- 01.1 Buffers intro
- 01.2 Streaming intro
- 01.3 Memory / Time comparison
- 01.4 Our friend
Buffer
- 01.5 Our new friend stream
- 01.6 Summary
What is a buffer?
Buffers are an abstraction that allows us to deal with raw binary data in Node.js! They are particularly relevant when we are dealing with files and networks or I/O in general.
Let's create some buffers with some data:
// buffer-data.js
// Let's create some buffers with some data
const bufferFromString = Buffer.from('Ciao human')
const bufferFromByteArray = Buffer.from([67, 105, 97, 111, 32, 104, 117, 109, 97, 110])
const bufferFromHex = Buffer.from('4369616f2068756d616e', 'hex')
const bufferFromBase64 = Buffer.from('Q2lhbyBodW1hbg==', 'base64')
// data is stored in binary format
console.log(bufferFromString) // <Buffer 43 69 61 6f 20 68 75 6d 61 6e>
console.log(bufferFromByteArray) // <Buffer 43 69 61 6f 20 68 75 6d 61 6e>
console.log(bufferFromHex) // <Buffer 43 69 61 6f 20 68 75 6d 61 6e>
console.log(bufferFromBase64) // <Buffer 43 69 61 6f 20 68 75 6d 61 6e>
// Raw buffer data can be "visualized" as a string, as hex or base64
console.log(bufferFromString.toString('utf-8')) // Ciao human ('utf-8' is the default)

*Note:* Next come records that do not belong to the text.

(* The game $G_{FL}=(\omega^{<\omega},c_{00}(\omega))$ has the following three properties, and any game $G=(T,A)$ with these three properties is isomorphic in $\mathbf{Games}_A$ to $G_{FL}$: (1) $T$ and $A$ are countable; (2) every finite game admits a game embedding into $G$; (3) $G$ is ultrahomogeneous with respect to $(\mathrm{emb},\mathbf{FinGame})$, i.e. for every finite game $C$ and all game embeddings $f,g\colon C\to G$ there is an automorphism $u$ of $G$ in $\mathbf{Games}_A$ with $u\circ f=g$.
   Context: A game tree is $T\subseteq M^{<\omega}$ (some set $M$) closed under initial segments such that every $t\in T$ has an extension $t^\frown x\in T$; $|t|$ is the length, $t\restriction k$ the initial segment of length $k$. $\mathrm{Run}(T)=\{R\in M^\omega:R\restriction n\in T\ \forall n\}$. A game is $(T,A)$ with $A\subseteq\mathrm{Run}(T)$; finite if $\mathrm{Run}(T)$ is finite. A chronological map $f\colon T_1\to T_2$ satisfies $|f(t)|=|t|$, $f(t\restriction k)=f(t)\restriction k$, inducing $\bar f$ on runs via $\bar f(R)\restriction n=f(R\restriction n)$. $\mathbf{Games}_A$ is the category of games with A-morphisms (chronological $f$ with $\bar f[A_1]\subseteq A_2$); its isomorphisms (automorphisms) are bijective chronological maps $f$ with $\bar f[A_1]=A_2$. A game embedding is an injective chronological $f$ with $\bar f(R)\in A_2\iff R\in A_1$ for all runs $R$. $c_{00}(\omega)$ is the set of eventually zero sequences in $\omega^\omega=\mathrm{Run}(\omega^{<\omega})$. *)

From mathcomp Require Import all_boot.
Set Implicit Arguments. Unset Strict Implicit. Unset Printing Implicit Defensive.

(* Finite sequences over M are lists; subsets of M^{<omega} and of M^omega are predicates. *)

Definition prefix (M : Type) (R : nat -> M) (n : nat) : seq M := map R (iota 0 n).

Definition is_game_tree (M : Type) (T : seq M -> Prop) : Prop :=
  (forall t k, T t -> T (take k t)) /\ (forall t, T t -> exists x, T (rcons t x)).

Definition Run (M : Type) (T : seq M -> Prop) (R : nat -> M) : Prop :=
  forall n, T (prefix R n).

Definition is_game (M : Type) (T : seq M -> Prop) (A : (nat -> M) -> Prop) : Prop :=
  is_game_tree T /\ (forall R, A R -> Run T R).

Definition finite_game (M : Type) (T : seq M -> Prop) : Prop :=
  exists (n : nat) (e : nat -> (nat -> M)),
    forall R, Run T R -> exists i, i < n /\ R = e i.

Definition countable_set (U : Type) (P : U -> Prop) : Prop :=
  exists g : U -> nat, forall x y, P x -> P y -> g x = g y -> x = y.

(* Chronological map T1 -> T2 (values outside T1 irrelevant). *)
Definition chronological (M1 M2 : Type) (T1 : seq M1 -> Prop) (T2 : seq M2 -> Prop)
  (f : seq M1 -> seq M2) : Prop :=
  forall t, T1 t ->
    T2 (f t) /\ size (f t) = size t /\ (forall k, f (take k t) = take k (f t)).

Definition runs_to (M1 M2 : Type) (f : seq M1 -> seq M2) (R : nat -> M1) (S : nat -> M2) :
  Prop := forall n, f (prefix R n) = prefix S n.

Definition injective_on (M1 M2 : Type) (T1 : seq M1 -> Prop) (f : seq M1 -> seq M2) : Prop :=
  forall s t, T1 s -> T1 t -> f s = f t -> s = t.

Definition game_embedding (M1 M2 : Type)
  (T1 : seq M1 -> Prop) (A1 : (nat -> M1) -> Prop)
  (T2 : seq M2 -> Prop) (A2 : (nat -> M2) -> Prop) (f : seq M1 -> seq M2) : Prop :=
  chronological T1 T2 f /\ injective_on T1 f /\
  (forall R, Run T1 R -> forall S, runs_to f R S -> (A2 S <-> A1 R)).

Definition game_iso (M1 M2 : Type)
  (T1 : seq M1 -> Prop) (A1 : (nat -> M1) -> Prop)
  (T2 : seq M2 -> Prop) (A2 : (nat -> M2) -> Prop) (f : seq M1 -> seq M2) : Prop :=
  chronological T1 T2 f /\ injective_on T1 f /\
  (forall t2, T2 t2 -> exists t1, T1 t1 /\ f t1 = t2) /\
  (forall R, A1 R -> forall S, runs_to f R S -> A2 S) /\
  (forall S, A2 S -> exists R, A1 R /\ runs_to f R S).

Definition prop_countable (M : Type) (T : seq M -> Prop) (A : (nat -> M) -> Prop) : Prop :=
  countable_set T /\ countable_set A.

Definition prop_universal (M : Type) (T : seq M -> Prop) (A : (nat -> M) -> Prop) : Prop :=
  forall (M' : Type) (TC : seq M' -> Prop) (AC : (nat -> M') -> Prop),
    is_game TC AC -> finite_game TC ->
    exists f : seq M' -> seq M, game_embedding TC AC T A f.

Definition prop_ultrahomogeneous (M : Type) (T : seq M -> Prop) (A : (nat -> M) -> Prop)
  : Prop :=
  forall (M' : Type) (TC : seq M' -> Prop) (AC : (nat -> M') -> Prop),
    is_game TC AC -> finite_game TC ->
    forall f g : seq M' -> seq M,
      game_embedding TC AC T A f -> game_embedding TC AC T A g ->
      exists u : seq M -> seq M, game_iso T A T A u /\ (forall t, TC t -> u (f t) = g t).

Definition T_FL : seq nat -> Prop := fun _ => True.
Definition c00 : (nat -> nat) -> Prop := fun R => exists N, forall n, N <= n -> R n = 0.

console.log(bufferFromString.toString('hex')) // 4369616f2068756d616e
console.log(bufferFromString.toString('base64')) // Q2lhbyBodW1hbg==
// You can get the size of a buffer (in bytes) by using `length`
console.log(bufferFromString.length) // 10
Now, let's create a Node.js script to copy a file from one place to another using buffers:
// buffer-copy.js
import {
readFile,
writeFile
} from 'fs/promises'
async function copyFile (src, dest) {
// read entire file content
const content = await readFile(src)
// write that content somewhere else
return writeFile(dest, content)
}
// `src` is the first argument from cli, `dest` the second
const [,, src, dest] = process.argv
// start the copy and handle the result
copyFile(src, dest)
.then(() => console.log(`${src} copied into ${dest}`))
.catch((err) => {
console.error(err)
process.exit(1)
})
You can use this script as follows:
node 01-buffer-vs-stream/buffer-copy.js <source-file> <dest-file>
🎭 PLAY
Play with this a bit and try to copy some files in your machine.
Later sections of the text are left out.